- Flag of the Staff of a Generalkommando (1871–1918)
- Active: 2 August 1914 - post November 1918
- Country: German Empire
- Type: Corps
- Size: Approximately 38,000 (on formation)
- Engagements: World War I Battle of the Frontiers

Insignia
- Abbreviation: XIV RK

= XIV Reserve Corps (German Empire) =

German military unit in World War I

The XIV Reserve Corps (XIV. Reserve-Korps / XIV RK) was a corps level command of the German Army in World War I.

== Formation ==
XIV Reserve Corps was formed on the outbreak of the war in August 1914 as part of the mobilisation of the Army. It was initially commanded by General der Artillerie Richard von Schubert, brought out of retirement. It was still in existence at the end of the war in the 17th Army, Heeresgruppe Kronprinz Rupprecht on the Western Front.

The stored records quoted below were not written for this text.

Lemma incr_range_eq (f g : int -> int) :
  {homo f : x y / x < y} -> {homo g : x y / x < y} ->
  (forall i, (exists k, f k = i) <-> (exists k, g k = i)) -> f 0 = g 0 -> f =1 g.
Proof.
move=> f_incr g_incr range_fg fg0.
have range_gf k : exists i, g k = f i.
  have [i <-] : exists i, f i = g k by apply/range_fg; exists k.
  by exists i.
have range_fg' k : exists i, f k = g i.
  have [i <-] : exists i, g i = f k by apply/range_fg; exists k.
  by exists i.
elim/int_rect => [//|n fgn|n fgn]; apply/le_anti.
- have -> : n.+1%:Z = n + 1 by rewrite -addn1 PoszD.
  rewrite (incr_succ_le f_incr g_incr range_gf fgn).
  by rewrite (incr_succ_le g_incr f_incr range_fg' (esym fgn)).
- have -> : - (n.+1)%:Z = - n%:Z - 1 by rewrite -addn1 PoszD opprD.
  rewrite (incr_pred_ge f_incr g_incr range_gf fgn).
  by rewrite (incr_pred_ge g_incr f_incr range_fg' (esym fgn)).
Qed.

Lemma block_uniq (f : int -> int) a b bl bl' :
  block f a b bl -> block f a b bl' -> bl = bl'.
Proof.
case=> [idx [idx_sorted idx_mem ->]] [idx' [idx'_sorted idx'_mem ->]].
congr map; apply: lt_sorted_eq => // i.
by apply/idP/idP => [/idx_mem/idx'_mem | /idx'_mem/idx_mem].
Qed.

Lemma block_succ_nil (f : int -> int) a bl : block f a (a + 1) bl -> bl = [::].
Proof.
case=> [[|i idx] [_ idx_mem ->]] //.
by have /andP[] := (idx_mem i).1 (mem_head _ _); lia.
Qed.

Lemma block_iota (f : int -> int) a b (N m : nat) :
  (forall i, a < f i < b -> 0 < i <= N) -> (N <= m)%N ->
  block f a b [seq y <- [seq f i%:Z | i <- iota 1 m] | a < y < b].
Proof.
move=> in_range Nm; exists [seq i <- [seq i%:Z | i <- iota 1 m] | a < f i < b]; split.
- apply: sorted_filter; first exact: lt_trans.
  by apply: (homo_sorted (e := ltn)) (iota_ltn_sorted 1 m) => x y; rewrite ltz_nat.
- move=> i; rewrite mem_filter; split => [/andP[] // | fi]; rewrite fi /=.
  have /andP[i0 iN] := in_range i fi.
  by apply/mapP; exists (absz i); [rewrite mem_iota | ]; lia.
- by rewrite !filter_map -map_comp.
Qed.

Lemma inBST_cat (x y : seq int) w : inBST x w -> inBST (x ++ y) w.
Proof.
elim: w x y => [|l w IHw] [|a x] y //=.
by case: l => //; rewrite filter_cat; apply: IHw.
Qed.

Lemma inBST_inT (x : seq int) w : inBST x w -> inT w.
Proof. by elim: w x => [|[] w IHw] [|a x] //= /IHw. Qed.

Definition spine (B : nat -> word -> Prop) (w : word) : Prop :=
  exists j, w = nseq j One \/ exists2 w', w = nseq j One ++ Zero :: w' & B j w'.

Section PermutationRecords.
Variable s : nat -> nat.
Hypothesis hs : is_permN s.

Lemma ext_pos (i : nat) : (0 < i)%N -> ext s i = (s i)%:Z.
Proof. by rewrite /ext ltz_nat => ->. Qed.

Lemma ext_le0 k : k <= 0 -> ext s k = k.
Proof. by rewrite /ext leNgt => /negPf ->. Qed.

Lemma ext_nat_ge0 (i : nat) : 0 <= ext s i.
Proof. by rewrite /ext; case: ifP. Qed.

Lemma ext_gt0 k : (0 < ext s k) = (0 < k).
Proof.
have [hpos _ _] := hs.
case: (lerP k 0) => [k0 | k0]; first by rewrite ext_le0 // ltNge k0.
by rewrite /ext k0 ltz_nat hpos //; lia.
Qed.

Lemma exists_above (v : int) : exists i : nat, v < ext s i.
Proof.
have [_ _ hsurj] := hs; have [i i0 si] := hsurj (absz v).+1 isT.
by exists i; rewrite ext_pos // si; lia.
Qed.

Definition first_above (v : int) : nat := ex_minn (exists_above v).

Lemma first_aboveP v : 0 <= v ->
  v < ext s (first_above v) /\ forall k : int, k < first_above v -> ext s k <= v.
Proof.
rewrite /first_above => v0; case: ex_minnP => i vi i_min; split=> // -[j | j] ji.
  by rewrite leNgt; apply/negP => /i_min; lia.
by rewrite ext_le0 //; lia.
Qed.

(* [rec_pos n] is the record index r_n of the paper, with [rec_pos 0 = 0]. *)
Fixpoint rec_pos (n : nat) : nat :=
  if n is n'.+1 then first_above (ext s (rec_pos n')) else 0.

Lemma ext_recpos_lt n : ext s (rec_pos n) < ext s (rec_pos n.+1).
Proof. exact: (first_aboveP (ext_nat_ge0 _)).1. Qed.

Lemma recpos_gap n (k : int) : k < rec_pos n.+1 -> ext s k <= ext s (rec_pos n).
Proof. exact: (first_aboveP (ext_nat_ge0 _)).2. Qed.

Lemma recpos_max n (k : int) : k <= rec_pos n -> ext s k <= ext s (rec_pos n).
Proof.
case: n => [|n] kn; first by rewrite ext_le0.
rewrite le_eqVlt in kn; case/predU1P: kn => [-> // | /recpos_gap kn].
exact: le_trans kn (ltW (ext_recpos_lt n)).
Qed.

Lemma recpos_lt n : (rec_pos n < rec_pos n.+1)%N.
Proof.
rewrite ltnNge -lez_nat; apply/negP => /recpos_max.
by rewrite leNgt ext_recpos_lt.
Qed.

Lemma recpos_cover (p : nat) : exists n, (rec_pos n <= p < rec_pos n.+1)%N.
Proof.
elim: p => [|p [n /andP[np pn]]]; first by exists 0%N; exact: recpos_lt.
case: (ltnP p.+1 (rec_pos n.+1)) => pn'; first by exists n; rewrite pn' andbT; lia.
by exists n.+1; have := recpos_lt n.+1; lia.
Qed.

Definition rec_rep (k : int) : int := if k is Posz n then (rec_pos n)%:Z else k.

Lemma recidx_le0 k : k <= 0 -> rec_rep k = k.
Proof. by case: k => [[|n]|n]. Qed.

=== Structure on formation ===
On formation in August 1914, XIV Reserve Corps consisted of two divisions, made up of reserve units. In general, Reserve Corps and Reserve Divisions were weaker than their active counterparts
Reserve Infantry Regiments did not always have three battalions nor necessarily contain a machine gun company
Reserve Jäger Battalions did not have a machine gun company on formation
Reserve Cavalry Regiments consisted of just three squadrons
Reserve Field Artillery Regiments usually consisted of two abteilungen of three batteries each.
Corps Troops generally consisted of a Telephone Detachment and four sections of munition columns and trains

In summary, XIV Reserve Corps mobilised with 26 infantry battalions, 7 machine gun companies (42 machine guns), 6 cavalry squadrons, 12 field artillery batteries (72 guns) and 3 pioneer companies. 26th Reserve Division was formed by units drawn from the XIII Corps District (Württemberg). It included one active Infantry Regiment (180th).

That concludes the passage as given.